Los judíos de Cuba

h1 Escrito el 21-10-2008 por Nemo

Entendámonos“En uno de los viajes que Raúl Castro realizó a Bulgaria encontró que allí las calles estaban muy ‘limpias’, que no había elementos ‘antisociales’, y preguntó cómo se había resuelto el problema, sobre todo el problema de los homosexuales, que le inquietaba particularmente a él. Le contestaron: ‘Tenemos un campo en donde metemos a esos antisociales, sobre todo a los homosexuales que a ustedes les preocupan tanto.’ Así se implantaron campos semejantes en Cuba.” Con estas palabras explica Heberto Padilla, escritor cubano en el exilio desde 1979, el origen de los campos de trabajos forzados de la Cuba revolucionaria denominados UMAP (Unidades Militares de Apoyo a la Producción), en la película documental de Néstor Almendros y Orlando Jiménez Conducta impropia. Con independencia de que la anécdota sea más o menos verídica, el hecho es que las UMAP, un verdadero gulag caribeño para homosexuales y otros antisociales, existieron realmente en la segunda mitad de la década de 1960. Así pues, esa pesadilla que reproducía, al otro lado del planeta, la del estalinismo en la URSS se inició mucho después de la muerte de Stalin y de la posterior denuncia pública de muchos de los horrores perpetrados por su régimen a cargo de las mismas autoridades que le sucedieron. Si, como vimos en la reciente columna “Retorno de la URSS”, fue Stalin el responsable del cambio de actitud hacia la homosexualidad del régimen soviético (que pasó de la despenalización en 1917, mantenida en el Código penal de 1922, a la repenalización en 1933), ¿cómo explicar que su influencia llegase hasta el Caribe más de una década después de la muerte del dictador, cuando además su figura se hallaba ya claramente en entredicho?
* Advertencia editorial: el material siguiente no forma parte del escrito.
Lemma connect_induced_P3 (V : finType) (e : rel V) (u w : V) :
  connect e u w -> u != w -> ~~ e u w -> exists a b c, induced_P3 e a b c.
Proof.
move/connectP => [p e_p ->] {w}.
elim: p u e_p => [|y p IHp] x /=; first by rewrite eqxx.
move=> /andP[xy e_p] x_last not_x_last.
have [y_last | not_y_last] := boolP (e y (last y p)).
  by exists x, y, (last y p); apply/and4P.
apply: IHp e_p _ not_y_last; apply: contraNneq not_x_last => <-.
by rewrite xy.
Qed.

Section GammaBounds.

Variables (V : finType) (e : rel V).
Hypotheses (e_sym : ssrbool.symmetric e) (e_irr : irreflexive e).

Lemma gamma_ge2_induced_P3 (a b c : V) : induced_P3 e a b c -> (2 <= gamma e)%N.
Proof.
move=> P3abc; have /and4P[ab _ _ a_c] := P3abc.
apply: gamma_ge2 (critical_ideal1_edge e_irr ab) (critical_ideal2_induced_P3 e_irr P3abc).
by apply: leq_trans (max_card [set a; c]); rewrite cards2 a_c.
Qed.

Lemma gamma_le1_card2 : #|V| = 2%N -> (gamma e <= 1)%N.
Proof.
move=> card2; apply: gamma_le => k /andP[k_gt1 k_le2].
have -> : k = #|V| by apply/eqP; rewrite eqn_leq k_le2 card2.
have /card_gt1P [x [y [_ _ xy]]] : (1 < #|V|)%N by rewrite card2.
have cover z : z \in [:: x; y].
  rewrite !inE; case: eqP => //= /eqP zx; apply/eqP.
  have /card_le1_eqP : (#|predC1 x| <= 1)%N by rewrite cardC1 card2.
  by apply; rewrite !inE // eq_sym.
have [exy | not_exy] := boolP (e x y).
  apply: not_critical_ideal_complete; first by rewrite card2.
  move=> u w; move: (cover u) (cover w); rewrite !inE => /orP[]/eqP-> /orP[]/eqP->;
  by rewrite ?eqxx // e_sym.
apply: (not_critical_ideal_twins e_irr xy) => z; move: (cover z).
by rewrite !inE => /orP[]/eqP->; rewrite !e_irr ?(e_sym y) (negbTE not_exy).
Qed.

End GammaBounds.

Section ForbiddenP3.

Variables (V : finType) (e : rel V).
Hypotheses (e_sym : ssrbool.symmetric e) (e_irr : irreflexive e).

Lemma forb_gamma_le1_P3 :
  forb_gamma_le 1 e -> exists a b c, induced_P3 e a b c /\ forall v, v \in [:: a; b; c].
Proof.
move=> [_ [e_conn [gamma2 del_lt]]].
have [u [w [uw not_uw]]] : exists u w, u != w /\ ~~ e u w.
  have [complete | ] := boolP [forall u, forall w, (u != w) ==> e u w].
    suff : (gamma e <= 1)%N by rewrite gamma2.
    apply: gamma_le => k /andP[k_gt1 _]; apply: not_critical_ideal_complete k_gt1 _.
    by move=> u w; apply/implyP; move/forallP/(_ u)/forallP: complete.
  rewrite negb_forall => /existsP[u]; rewrite negb_forall => /existsP[w].
  by rewrite negb_imply => /andP[uw not_uw]; exists u, w.
have [a [b [c P3abc]]] := connect_induced_P3 (e_conn u w) uw not_uw.
exists a, b, c; split => // v; apply/negPn/negP; rewrite !inE !negb_or ![v == _]eq_sym.
case/and3P=> va vb vc; have := del_lt v; rewrite gamma2 ltnNge => /negP; apply.
exact: (@gamma_ge2_induced_P3 _ (del_vertex e v) (fun x => e_irr (val x))
         (exist _ a va) (exist _ b vb) (exist _ c vc)).
Qed.

Lemma P3_forb_gamma_le1 (a b c : V) :
  induced_P3 e a b c -> (forall v, v \in [:: a; b; c]) -> forb_gamma_le 1 e.
Proof.
move=> P3abc cover; have /and4P[ab bc ac a_c] := P3abc.
have /and3P[a_b b_c _] := induced_P3_neq e_irr P3abc.
have card3 : #|V| = 3%N.
  rewrite -[3%N]/(size [:: a; b; c]) -(card_uniqP _); last first.
    by rewrite /= !inE negb_or a_b a_c b_c.
  by apply: eq_card => v; rewrite cover.
have ends_twins : e a =1 e c.
  move=> z; move: (cover z); rewrite !inE => /or3P[]/eqP->;
  by rewrite ?e_irr ?(e_sym c) ?ab ?(negbTE ac).
have gamma2 : gamma e = 2%N.
  apply/eqP; rewrite eqn_leq (gamma_ge2_induced_P3 e_irr P3abc) andbT.
  apply: gamma_le => k /andP[k_gt2 k_le3].
  have -> : k = #|V| by apply/eqP; rewrite eqn_leq k_le3 card3.
  exact: (not_critical_ideal_twins e_irr a_c ends_twins).
split; first by split.
split.
  have to_b v : connect e v b.
    move: (cover v); rewrite !inE => /or3P[]/eqP->; rewrite ?connect0 //.
      exact: connect1.
    by rewrite connect1 // e_sym.
  by move=> u w; apply: connect_trans (to_b u) _; rewrite (sym_connect_sym e_sym).
split=> // v; rewrite gamma2 ltnS.
apply: gamma_le1_card2 => [x y | x |]; first exact: e_sym; first exact: e_irr.
by rewrite card_sig cardC1 card3.
Qed.

Lemma graph_iso_P3P :
  graph_iso e P3 <-> exists a b c, induced_P3 e a b c /\ forall v, v \in [:: a; b; c].
Proof.
split.
  move=> [f [[g fK gK] e_f]]; exists (g 0), (g 1), (g 2); split.
    by rewrite /induced_P3 !e_f !gK (can_eq gK).
  by move=> v; rewrite -(fK v) !inE !(can_eq gK); case: (f v) => -[|[|[|]]].
move=> [a [b [c [P3abc cover]]]]; have /and4P[ab bc ac _] := P3abc.
have /and3P[a_b b_c a_c] := induced_P3_neq e_irr P3abc.
have ba : (b == a) = false by rewrite eq_sym (negbTE a_b).
have cb : (c == b) = false by rewrite eq_sym (negbTE b_c).
have ca : (c == a) = false by rewrite eq_sym (negbTE a_c).
pose f v : 'I_3 := if v == a then 0 else if v == b then 1 else 2.
pose g (i : 'I_3) := if val i == 0%N then a else if val i == 1%N then b else c.
have cases v : [\/ v = a, v = b | v = c].
  by move: (cover v); rewrite !inE => /or3P[]/eqP->; [apply: Or31 | apply: Or32 | apply: Or33].
exists f; split.
  exists g => [v | i]; first by case: (cases v) => ->; rewrite /f /g ?eqxx ?ba ?ca ?cb.
  by case: i => -[|[|[|//]]] i_lt; apply: val_inj; rewrite /f /g /= ?eqxx ?ba ?ca ?cb.
move=> u w; case: (cases u) => ->; case: (cases w) => ->;
by rewrite /f ?eqxx ?ba ?ca ?cb ?e_irr ?ab ?bc ?(e_sym b a) ?(e_sym c) ?(negbTE ac).
Qed.

End ForbiddenP3.

Theorem corollary3p5 (V : finType) (e : rel V) :
  simple_graph e -> (forb_gamma_le 1 e <-> graph_iso e P3).
Proof.
move=> [e_sym e_irr]; rewrite graph_iso_P3P //; split.
  exact: forb_gamma_le1_P3.
by move=> [a [b [c [P3abc cover]]]]; apply: P3_forb_gamma_le1 P3abc cover.
Qed.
El hecho es que la desestalinización de la URSS nunca llegó a implicar el retorno, para los gais y las lesbianas de aquel país, a la situación previa a 1933: la consideración de la homosexualidad como delito siguió vigente hasta el final mismo, a principios de la década de 1990, del régimen nacido de la revolución bolchevique. Resulta pues razonable ver, como hace Heberto Padilla, la influencia del bloque soviético –muy intensa en la Cuba castrista durante décadas– detrás de la política posrevolucionaria cubana de severa persecución contra los homosexuales. Pero esto nos plantea un nuevo problema: el de por qué se mantuvo en este aspecto precisamente la política de Stalin en plena etapa de desestalinización, e incluso se llegó a exportar al otro extremo del mundo.

Una respuesta a esta última pregunta puede venir dada por el influjo en las autoridades comunistas tanto soviéticas como cubanas de la herencia sociocultural de ambos territorios, donde la tradición cristiana –ortodoxa o católica– determinaba, junto con un inveterado machismo, la presencia y el fuerte arraigo en la sociedad de actitudes crudamente homofóbicas. Sin embargo, si tanto la revolución bolchevique como la cubana se presentaban como movimientos rupturistas decididos a construir una nueva sociedad sobre la base de una ideología supuestamente racionalista e igualitarista, ¿por qué habían de mantener y actualizar superficialmente esos viejos prejuicios, en lugar de combatirlos?

Para intentar resolver esta paradoja puede aducirse que la misma base ideológica de los regímenes comunistas, esto es, el marxismo –el marxismo tal como lo interpretaban dichos regímenes, claro está– contenía elementos que favorecían la homofobia y la intolerancia hacia los disidentes sexuales. Hay que reconocer que en este paradigma ideológico, los derechos y libertades individuales se hallan siempre completamente supeditados a un supuesto bien común de la sociedad que es definido por el poder del Estado sin verdadera participación de los ciudadanos, con lo cual resulta fácil para dicho poder justificar la persecución de los homosexuales, alegando simplemente que la difusión de la homosexualidad es algo indeseable para ese pretendido bien común. Así lo hicieron, de hecho, los diversos regímenes comunistas, que presentaron la homosexualidad como una muestra de degeneración típicamente burguesa y capitalista ajena a la saludable clase del proletariado, y a partir de ahí la identificaron directamente con la contrarrevolución e incluso con el fascismo: “Exterminad a los homosexuales, y el fascismo desaparecerá”?, llegó a escribir el escritor soviético –fundador del realismo socialista, tan del agrado de Stalin– Maksim Gorki.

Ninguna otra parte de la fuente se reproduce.